Igneous has SkeletonTask and SkeletonMergeTask. Are they compatible with SWC format also?

Those tasks generate binary files that specify CloudVolume Skeleton objects. Those objects have a skeleton.to_swc() method that you can use as well as a Skeleton.from_swc(...) method.

I only see yellow bounding box and not mesh segmentation.

I think the code structure you posted failed to generate the meshes. I would recommend the following structure that ensures the MeshTasks run first.

with LocalTaskQueue(parallel=8) as tq:
    tasks = tc.create_meshing_tasks(... ) 
    tq.insert_all(tasks)
print("Done Meshing")
with LocalTaskQueue(parallel=8) as tq:
    tasks = tc.create_mesh_manifest_tasks(dest_layer_path, magnitude=3) # Second Pass  
    tq.insert_all(tasks)
print("Done Creating Manifests")
manoaman commented 3 years ago

Those tasks generate binary files that specify CloudVolume Skeleton objects. Those objects have a skeleton.to_swc() method that you can use as well as a Skeleton.from_swc(...) method.
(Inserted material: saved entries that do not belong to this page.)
Let measurable_sum_sqr : measurable_fun setT (fun x => \sum_(i < n) g x 0 i ^+ 2).
Proof. by apply: measurable_sum => i; exact: measurable_funX. Qed.

Lemma measurable_lift_norm : measurable_fun setT (fun x => lift_norm (g x)).
Proof.
apply: measurableT_comp (continuous_measurable_fun (@sqrt_continuous K)) _.
apply: measurable_funD => //; apply: measurable_funX.
exact: measurableT_comp (continuous_measurable_fun (@sqrt_continuous K)) measurable_sum_sqr.
Qed.

Lemma measurable_lift_grad i : measurable_fun setT (fun x => lift_grad (g x) i).
Proof.
have -> : (fun x => lift_grad (g x) i) =
    (fun x => g x 0 i * (Num.sqrt (1 + `|\sum_(i < n) g x 0 i ^+ 2|))^-1).
  by apply/funext => x; rewrite /lift_grad /lift_norm enorm_sqr ger0_norm ?sumr_sqr_ge0.
apply: measurable_funM => //.
exact: measurableT_comp (continuous_measurable_fun (@continuous_inv_sqrt1Dnorm K))
  measurable_sum_sqr.
Qed.

Lemma integrable_lift_norm (lam : {finite_measure set T -> \bar K}) :
  (forall i, lam.-integrable setT (fun x => (g x 0 i)%:E)) ->
  lam.-integrable setT (fun x => (lift_norm (g x))%:E).
Proof.
move=> ig.
have ib : lam.-integrable setT (fun x => (1 + \sum_(i < n) `|g x 0 i|)%:E).
  under eq_fun do rewrite EFinD -sumEFin.
  apply: (integrableD measurableT); first exact: finite_measure_integrable_cst.
  by apply: integrable_sum => // i _; exact: (integrable_abse (ig i)).
apply: le_integrable ib => //; first exact/measurable_EFinP/measurable_lift_norm.
move=> x _ /=; rewrite lee_fin ger0_norm ?(ltW (lift_norm_gt0 _)) //.
by rewrite ger0_norm ?addr_ge0 ?sumr_ge0 // lift_norm_le.
Qed.

End lift_norm_measurable.

Section Hfun_density.
Variables (d : measure_display) (T : measurableType d) (K : realType) (n : nat).
Variables (mu : {measure set T -> \bar K}) (nu : set T -> 'rV[K]_n).
Implicit Types (g : T -> 'rV[K]_n) (N : set T).

Lemma total_variation_on_eq0 N :
  (forall A, measurable A -> A `<=` N -> nu A = 0) -> total_variation_on nu N = 0%E.
Proof.
move=> nuN0; apply/eqP; rewrite eq_le; apply/andP; split.
  apply: ge_ereal_sup => _ [m _ [F [mF FN _] <-]].
  by rewrite big1 // => i _; rewrite nuN0 // enorm0.
apply: ereal_sup_ubound; exists 0%N => //; exists (fun _ => set0).
  by split => // [i|]; [exact: sub0set | exact: trivIset_set0].
by rewrite big_ord0.
Qed.

Lemma dens_vmeasure_ae_eq g g' :
  (forall i, mu.-integrable setT (fun x => (g x 0 i)%:E)) ->
  (forall i, mu.-integrable setT (fun x => (g' x 0 i)%:E)) ->
  (forall A, measurable A -> dens_vmeasure mu g A = dens_vmeasure mu g' A) ->
  {ae mu, forall x, g x = g' x}.
Proof.
move=> ig ig' gg'.
have ae_coord i : ae_eq mu setT (fun x => (g x 0 i)%:E) (fun x => (g' x 0 i)%:E).
  apply: integral_ae_eq => //; first exact: measurable_int (ig' i).
  move=> E _ mE; have /rowP /(_ i) := gg' E mE; rewrite !mxE => gg'Ei.
  have fin_int h : mu.-integrable setT h -> (\int[mu]_(x in E) h x)%E \is a fin_num.
    by move=> ih; apply: integrable_fin_num => //; exact: integrableS ih.
  by rewrite -[LHS]fineK ?gg'Ei ?fineK ?fin_int.
have : {ae mu, forall x i, g x 0 i = g' x 0 i}.
  by apply: filter_forall => i; apply: filterS (ae_coord i) => x /(_ I) [].
by apply: filterS => x gg'x; apply/rowP => i; exact: gg'x.
Qed.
I think I didn't find those functions in the doc, thank you.

Hmm... it seems I'm still not seeing the meshes. Could I still be doing something wrong with running mesh tasks? This is the precomputed files before running mesh tasks and I was able to view in Neuroglancer in a segmentation tab.

https://drive.google.com/file/d/18tqzsfYjJZ-eSbuF17di7HuIBOw1KQ3L/view?usp=sharing

william-silversmith commented 3 years ago

There's some additional documentation here: https://github.com/seung-lab/cloud-volume/wiki/Advanced-Topic:-Skeletons

For some reason I wasn't able to download the segmentation, but I'll try again later. It might be more informative if you are able to show me a listing of files from your mesh directory and in particular if there appears to be an info file in there (not the main info file, a second one).

manoaman commented 3 years ago

Hi Will,

I uploaded the files again and raised the access level. Please try again. Thank you so much for helping me out.

https://drive.google.com/drive/folders/1K-TGEvXpq5K3JafLe9hW2rJh8bd_qfaF?usp=sharing

-m

manoaman commented 3 years ago

Hi Will, were you able to access the previous files? And this is the original tiff stack of segmentation which I was able to view after running the following script. And I'm trying to run mesh task & mesh manifest task after the following script. Could I be doing something wrong?

https://drive.google.com/file/d/13-hsm_yCRTgIwWgvZYHlEhpXbmOni9Bj/view?usp=sharing

#!/usr/bin/python
# -*- coding: utf-8 -*-
import os
from concurrent.futures import ProcessPoolExecutor

import numpy as np
from PIL import Image

from cloudvolume import CloudVolume
from cloudvolume.lib import mkdir, touch

info = CloudVolume.create_new_info(  # 'image' or 'segmentation'
                                     # can pick any popular uint
                                     # other options: 'jpeg', 'compressed_segmentation' (req. uint32 or uint64)
                                     # X,Y,Z values in nanometers
                                     # values X,Y,Z values in voxels
                                     # rechunk of image X,Y,Z in voxels
                                     # X,Y,Z size in voxels
    num_channels=1,
    layer_type='segmentation',
    data_type='uint16',
    encoding='raw',
    resolution=[201, 201, 998],
    voxel_offset=[0, 0, 0],
    chunk_size=[256, 256, 1],
    volume_size=[2048, 2048, 96],
    )

# If you're using amazon or the local file system, you can replace 'gs' with 's3' or 'file'

try:
  vol = CloudVolume('file://precomputed_mesh', info=info)
  vol.provenance.description = 'Description of Data'
  vol.provenance.owners = ['....']  # list of contact email addresses

  vol.commit_info()  # generates gs://bucket/dataset/layer/info json file
  vol.commit_provenance()  # generates gs://bucket/dataset/layer/provenance json file

  direct = '.....'

  progress_dir = mkdir('progress')  # unlike os.mkdir doesn't crash on prexisting
  done_files = set([int(z) for z in os.listdir(progress_dir)])
  all_files = set(range(vol.bounds.minpt.z, vol.bounds.maxpt.z + 1))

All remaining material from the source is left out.